Las tormentas y el cambio climático amenazan con más caos aéreo en Europa

Fuentes: Flyers might have to face more disruption with hotter skies

Unas 900 operaciones entre los aeropuertos de Heathrow y Gatwick se retrasaron o cancelaron el pasado junio cuando tormentas eléctricas bloquearon el espacio aéreo del sur de Inglaterra, en plenas vacaciones de verano. El incidente, que dejó a miles de pasajeros varados durante horas, ha reabierto un debate sobre la vulnerabilidad del sistema aéreo europeo ante el cambio climático.

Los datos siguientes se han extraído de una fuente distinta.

(* Let $p\in[2,\infty]$ and $p^*=\frac{p}{p-1}$ (with $p^*=1$ when $p=\infty$). For every continuous bilinear form $T:X_p\times X_\infty\to\mathbb{R}$, \[ \left(\sum_{i=1}^{\infty}\left(\sum_{j=1}^{\infty}|T(e_i,e_j)|^2\right)^{\frac{1}{2}\cdot\frac{p}{p-1}}\right)^{\frac{p-1}{p}}\le \mathrm{A}_{p^*}\,\|T\|. \] In particular the optimal constant $C_{p,\infty}$ satisfies $C_{p,\infty}\le \mathrm{A}_{p^*}$.
   Context: Scalars are real. $X_p=\ell_p$ for $1\le p<\infty$ and $X_\infty=c_0$; $(e_k)$ denotes the canonical unit vectors. For a continuous bilinear form $T:X_p\times X_q\to\mathbb{R}$, $\|T\|=\sup\{|T(x,y)|:\|x\|_{X_p}\le1,\|y\|_{X_q}\le1\}$. The Rademacher functions are $r_j:[0,1]\to\mathbb{R}$, $r_j(t)=\operatorname{sign}(\sin(2^j\pi t))$. For $0<r<\infty$, $\mathrm{A}_r$ denotes the optimal (smallest) constant such that for all $n\in\mathbb{N}$ and all real $a_1,\dots,a_n$, $\left(\sum_{j=1}^n|a_j|^2\right)^{1/2}\le \mathrm{A}_r\left(\int_0^1\left|\sum_{j=1}^n a_jr_j(t)\right|^r dt\right)^{1/r}$ (Khintchine inequality). For $p\in[2,\infty]$, $C_{p,\infty}$ denotes the optimal constant $C$ such that $\left(\sum_{i}\left(\sum_{j}|T(e_i,e_j)|^2\right)^{\frac{p}{2(p-1)}}\right)^{\frac{p-1}{p}}\le C\|T\|$ for all continuous bilinear $T:X_p\times X_\infty\to\mathbb{R}$ (with exponent $p/(p-1)$ read as $1$ when $p=\infty$). *)

From Stdlib Require Import Reals Lra.
Open Scope R_scope.

(* Real power x^y for x >= 0, y > 0, with 0^y = 0 (Stdlib's Rpower 0 y = 1). *)
Definition rpow (x y : R) : R :=
  if Rle_dec x 0 then 0 else Rpower x y.

(* Exponents p in [2, infinity]: Some p = finite p, None = infinity. *)
Definition ext_exp := option R.

Definition valid_exp (p : ext_exp) : Prop :=
  match p with Some p => 2 <= p | None => True end.

Definition conj_exp (p : ext_exp) : R :=
  match p with Some p => p / (p - 1) | None => 1 end.

Definition in_X (p : ext_exp) (x : nat -> R) : Prop :=
  match p with
  | Some p => exists l, infinite_sum (fun k => rpow (Rabs (x k)) p) l
  | None => Un_cv x 0
  end.

Definition in_ball (p : ext_exp) (x : nat -> R) : Prop :=
  match p with
  | Some p => exists l, infinite_sum (fun k => rpow (Rabs (x k)) p) l
                        /\ rpow l (1 / p) <= 1
  | None => Un_cv x 0 /\ (forall k, Rabs (x k) <= 1)
  end.

Definition e (i : nat) : nat -> R := fun k => if Nat.eq_dec k i then 1 else 0.

Definition lincomb (a b : R) (x y : nat -> R) : nat -> R :=
  fun k => a * x k + b * y k.

Definition bilinear_on (p q : ext_exp) (T : (nat -> R) -> (nat -> R) -> R) : Prop :=
  (forall a b x1 x2 y, in_X p x1 -> in_X p x2 -> in_X q y ->
     T (lincomb a b x1 x2) y = a * T x1 y + b * T x2 y) /\
  (forall a b x y1 y2, in_X p x -> in_X q y1 -> in_X q y2 ->
     T x (lincomb a b y1 y2) = a * T x y1 + b * T x y2).

Definition norm_bound (p q : ext_exp) (T : (nat -> R) -> (nat -> R) -> R) (M : R) : Prop :=
  forall x y, in_ball p x -> in_ball q y -> Rabs (T x y) <= M.

(* Continuity of a bilinear form = boundedness. *)
Definition continuous_bilinear (p q : ext_exp) (T : (nat -> R) -> (nat -> R) -> R) : Prop :=
  bilinear_on p q T /\ exists M, norm_bound p q T M.

Definition is_opnorm (p q : ext_exp) (T : (nat -> R) -> (nat -> R) -> R) (N : R) : Prop :=
  is_lub (fun v => exists x y, in_ball p x /\ in_ball q y /\ v = Rabs (T x y)) N.

Definition Rsign (x : R) : R :=
  if Rlt_dec 0 x then 1 else if Rlt_dec x 0 then -1 else 0.

Definition rademacher (j : nat) (t : R) : R := Rsign (sin (2 ^ j * PI * t)).

(* A is a valid constant in the Khintchine inequality with exponent r:
   for all n and a_1..a_n (here a (j-1) for j=1..n),
   (sum |a_j|^2)^(1/2) <= A (int_0^1 |sum a_j r_j(t)|^r dt)^(1/r). *)
Definition khintchine_valid (r A : R) : Prop :=
  forall (n : nat) (a : nat -> R) (v : R),
    (exists pr : Riemann_integrable
        (fun t => rpow (Rabs (sum_f_R0 (fun j => a j * rademacher (S j) t) n)) r) 0 1,
        RiemannInt pr = v) ->
    sqrt (sum_f_R0 (fun j => Rabs (a j) ^ 2) n) <= A * rpow v (1 / r).

Definition is_khintchine_opt (r A : R) : Prop :=
  (forall B, khintchine_valid r B -> A <= B) /\
  (forall B, (forall C, khintchine_valid r C -> B <= C) -> B <= A).

From Stdlib Require Import Reals Lra Lia FunctionalExtensionality Classical.
From Coquelicot Require Import Coquelicot.
Open Scope R_scope.

(* Fix t in [0,1]. The vector y_t = sum_(j<=m) r_(j+1)(t) e_j lies in the unit
   ball of c_0, so x |-> T(x, y_t) is a functional of norm at most ||T|| on X_p;
   testing it against the Hoelder-extremal vector with coordinates
   sign(b_i) |b_i|^(p*-1), where b_i = T(e_i, y_t), gives sum_i |T(e_i, y_t)|^p* <= ||T||^p*.  Integrating
   in t and applying the Khintchine inequality with any admissible constant C to
   each row (T(e_i, e_j))_j yields
   sum_i (sum_j |T(e_i, e_j)|^2)^(p*/2) <= C^p* ||T||^p*,
   and A_p* is the infimum of such C. *)

Lemma rpow_ge0 x y : 0 <= rpow x y.
Proof. unfold rpow; destruct (Rle_dec x 0); [lra | left; apply exp_pos]. Qed.

Lemma rpow_nonpos x y : x <= 0 -> rpow x y = 0.
Proof. unfold rpow; destruct (Rle_dec x 0); lra. Qed.

Lemma rpow_Rpower x y : 0 < x -> rpow x y = Rpower x y.
Proof. unfold rpow; destruct (Rle_dec x 0); lra. Qed.

Lemma rpow_gt0 x y : 0 < x -> 0 < rpow x y.
Proof. intros; rewrite rpow_Rpower by assumption; apply exp_pos. Qed.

Tim Atkinson, piloto retirado y consultor de riesgos aeronáuticos, advierte de un escenario en el que los cuatro aeropuertos londinenses —Heathrow, Gatwick, Luton y Stansted— quedasen simultáneamente inoperativos por tormentas, lo que obligaría a decenas de aviones a buscar aterrizaje alternativo con reservas de combustible menguantes. La Met Office británica confirma que, aunque el número total de tormentas podría no aumentar, las que se formen serán más intensas, ya que un atmósfera más cálida retiene cerca de un 7% más de humedad por grado.

Para los controladores de NATS en Swanwick (Hampshire), estas células tormentosas son una preocupación constante: reducen el espacio aéreo útil y obligan a desvíos tardíos que consumen más combustible. Los radares meteorológicos a bordo detectan células a 320 millas náuticas, pero el carácter "táctico, no estratégico" de esos sistemas impide la planificación a largo plazo.

El ex ejecutivo Andrew Charlton, de la consultora Aviation Advocacy, considera bajo ese riesgo y recuerda la capacidad de reacción del sector. Aun así, si los retrasos por tormentas se vuelven habituales, las aerolíneas deberán cargar más carburante de forma sistemática, lo que elevará costes y, previsiblemente, tarifas para los pasajeros.